→ **EXERCISE DIRECTIONS**
Give again, word for word, every line in the entries below from the line with "Lemma no_investment_sumE (i" up to and including the line with "rewrite sum_pair mulr_sumr;", and no other line.

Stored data

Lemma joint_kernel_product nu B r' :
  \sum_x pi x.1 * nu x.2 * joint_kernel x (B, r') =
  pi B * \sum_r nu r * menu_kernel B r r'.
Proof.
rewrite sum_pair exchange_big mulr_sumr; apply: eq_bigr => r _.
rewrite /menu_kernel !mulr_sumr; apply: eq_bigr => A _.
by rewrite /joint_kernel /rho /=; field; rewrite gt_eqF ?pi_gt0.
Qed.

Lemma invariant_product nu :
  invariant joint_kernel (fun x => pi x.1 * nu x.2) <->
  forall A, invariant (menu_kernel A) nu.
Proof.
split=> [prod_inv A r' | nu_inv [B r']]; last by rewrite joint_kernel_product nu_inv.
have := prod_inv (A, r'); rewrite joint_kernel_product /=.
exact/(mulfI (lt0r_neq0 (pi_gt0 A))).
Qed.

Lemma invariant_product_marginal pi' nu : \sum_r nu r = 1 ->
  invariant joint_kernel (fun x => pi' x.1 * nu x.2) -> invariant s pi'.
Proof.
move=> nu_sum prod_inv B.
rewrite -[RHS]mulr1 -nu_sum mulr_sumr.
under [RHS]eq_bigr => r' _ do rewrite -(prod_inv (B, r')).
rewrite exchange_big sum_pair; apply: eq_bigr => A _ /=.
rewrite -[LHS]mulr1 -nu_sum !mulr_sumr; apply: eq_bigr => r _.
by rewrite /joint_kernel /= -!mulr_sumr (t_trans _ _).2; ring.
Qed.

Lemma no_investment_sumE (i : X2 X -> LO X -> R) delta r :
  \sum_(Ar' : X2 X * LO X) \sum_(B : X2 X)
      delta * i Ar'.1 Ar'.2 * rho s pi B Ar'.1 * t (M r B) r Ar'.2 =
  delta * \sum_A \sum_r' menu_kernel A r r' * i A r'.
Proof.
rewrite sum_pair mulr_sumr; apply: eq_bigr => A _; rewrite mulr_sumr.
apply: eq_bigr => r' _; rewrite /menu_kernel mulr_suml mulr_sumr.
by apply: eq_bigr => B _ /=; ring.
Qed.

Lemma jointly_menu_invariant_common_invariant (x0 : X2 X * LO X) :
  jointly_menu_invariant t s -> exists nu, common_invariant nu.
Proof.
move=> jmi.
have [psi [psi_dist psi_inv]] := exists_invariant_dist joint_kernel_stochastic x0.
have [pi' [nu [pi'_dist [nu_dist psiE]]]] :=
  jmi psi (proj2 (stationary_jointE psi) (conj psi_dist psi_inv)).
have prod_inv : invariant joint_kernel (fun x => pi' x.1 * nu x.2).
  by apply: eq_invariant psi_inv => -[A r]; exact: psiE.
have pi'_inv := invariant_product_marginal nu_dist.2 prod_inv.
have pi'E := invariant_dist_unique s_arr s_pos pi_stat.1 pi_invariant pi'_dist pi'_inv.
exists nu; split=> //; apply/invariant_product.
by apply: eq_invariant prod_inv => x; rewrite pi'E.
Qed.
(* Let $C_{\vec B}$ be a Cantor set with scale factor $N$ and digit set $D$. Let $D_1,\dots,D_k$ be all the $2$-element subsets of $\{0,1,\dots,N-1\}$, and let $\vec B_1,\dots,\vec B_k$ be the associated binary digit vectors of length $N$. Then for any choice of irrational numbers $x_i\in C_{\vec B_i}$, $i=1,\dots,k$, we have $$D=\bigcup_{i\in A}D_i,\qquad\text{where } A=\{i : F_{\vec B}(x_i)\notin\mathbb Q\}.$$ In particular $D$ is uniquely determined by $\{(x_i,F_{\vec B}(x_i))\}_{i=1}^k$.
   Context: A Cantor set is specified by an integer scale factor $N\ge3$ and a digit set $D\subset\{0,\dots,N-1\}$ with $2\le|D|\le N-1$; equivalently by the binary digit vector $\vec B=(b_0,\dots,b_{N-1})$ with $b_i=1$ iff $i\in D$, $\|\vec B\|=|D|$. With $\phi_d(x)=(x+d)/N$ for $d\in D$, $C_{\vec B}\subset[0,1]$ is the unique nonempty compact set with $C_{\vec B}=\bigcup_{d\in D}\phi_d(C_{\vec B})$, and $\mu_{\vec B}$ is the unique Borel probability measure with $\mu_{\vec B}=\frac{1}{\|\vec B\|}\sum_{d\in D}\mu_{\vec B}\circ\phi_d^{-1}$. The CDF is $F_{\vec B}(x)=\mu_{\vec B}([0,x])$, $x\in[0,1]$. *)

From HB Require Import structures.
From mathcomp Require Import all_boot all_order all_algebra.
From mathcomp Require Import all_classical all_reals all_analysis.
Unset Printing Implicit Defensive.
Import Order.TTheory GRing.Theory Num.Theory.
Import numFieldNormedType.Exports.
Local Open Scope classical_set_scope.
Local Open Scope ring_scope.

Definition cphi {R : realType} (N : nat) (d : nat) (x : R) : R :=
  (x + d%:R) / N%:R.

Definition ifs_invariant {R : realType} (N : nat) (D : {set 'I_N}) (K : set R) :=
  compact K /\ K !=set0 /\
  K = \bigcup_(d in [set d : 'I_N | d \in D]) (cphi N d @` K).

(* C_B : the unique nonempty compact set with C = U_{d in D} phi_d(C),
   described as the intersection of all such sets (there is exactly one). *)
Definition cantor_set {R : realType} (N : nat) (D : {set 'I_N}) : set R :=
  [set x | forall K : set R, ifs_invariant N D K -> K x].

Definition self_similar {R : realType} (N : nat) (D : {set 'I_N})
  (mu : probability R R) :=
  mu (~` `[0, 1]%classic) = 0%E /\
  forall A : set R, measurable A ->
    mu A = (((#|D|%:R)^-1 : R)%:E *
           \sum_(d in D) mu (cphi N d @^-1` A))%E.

→ **FINISHED TASK**
Lemma no_investment_sumE (i : X2 X -> LO X -> R) delta r :
  \sum_(Ar' : X2 X * LO X) \sum_(B : X2 X)
      delta * i Ar'.1 Ar'.2 * rho s pi B Ar'.1 * t (M r B) r Ar'.2 =
  delta * \sum_A \sum_r' menu_kernel A r r' * i A r'.
Proof.
rewrite sum_pair mulr_sumr; apply: eq_bigr => A _; rewrite mulr_sumr.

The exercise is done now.